Lemma closure_range_some :
  infinite_set [set: X] -> closure (range (Some : X -> aX)) = [set: aX].
Proof.
move=> Xinf; apply/seteqP; split=> // -[x|] _ W.
  by move=> /nbhs_singleton Wx; exists (Some x); split=> //; exists x.
move=> /nbhs_noneP [K sW].
have [y yK] : exists y, y \notin K.
  apply: contrapT => allK; apply: Xinf; apply: sub_finite_set (finite_seq K).
  by move=> y _ /=; apply: contrapT => yK; apply: allK; exists y; exact/negP.
by exists (Some y); split; [exists y|apply: sW; rewrite /= (mem_map Some_inj)].
Qed.

Lemma outside_unif_completion :
  infinite_set [set: X] ->
  is_compact_completion (outside_unif X) [set: aX] (Some : X -> aX).
Proof.
move=> Xinf; split.
- exact: alphaX_hausdorff.
- exact: one_point_compactification_compact.
- by rewrite closure_range_some.
rewrite alphaX_diag_nbhsE; apply/seteqP; split=> E [B sE]; exists B => -[a b] /=.
  by rewrite outside_rel_someE => /sE.
by move=> ab; apply: sE; rewrite /= outside_rel_someE.
Qed.

End OnePoint.

Local Notation Ptws X := {ptws alphaX X -> alphaX X}.

(* Needed by compact_cover, which is stated for pointed spaces. *)
HB.instance Definition _ (X : choiceType) :=
  isPointed.Build (Ptws X) (fun _ => None).

Definition box_rel (X : choiceType) (A : seq (alphaX X)) (B : seq X)
  : set (Ptws X * Ptws X) :=
  [set q | forall a, a \in A -> outside_rel (map Some B) (q.1 a, q.2 a)].

Section PtwsAlphaX.
Variable X : choiceType.
Local Notation aX := (alphaX X).

Lemma ptws_hausdorff : hausdorff_space (Ptws X).
Proof. exact: hausdorff_product (fun _ => @alphaX_hausdorff X). Qed.

Lemma ptws_compact : compact [set: Ptws X].
Proof.
have := tychonoff
  (fun _ : aX => @one_point_compactification_compact (discrete_topology X)).
by congr compact; apply/seteqP.
Qed.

+ + + +

→ **Exercise brief**: Copy out each line of the data in which the word "exact" appears.

→ **Your response**:
  by move=> y _ /=; apply: contrapT => yK; apply: allK; exists y; exact/negP.
- exact: alphaX_hausdorff.
- exact: one_point_compactification_compact.
Proof. exact: hausdorff_product (fun _ => @alphaX_hausdorff X). Qed.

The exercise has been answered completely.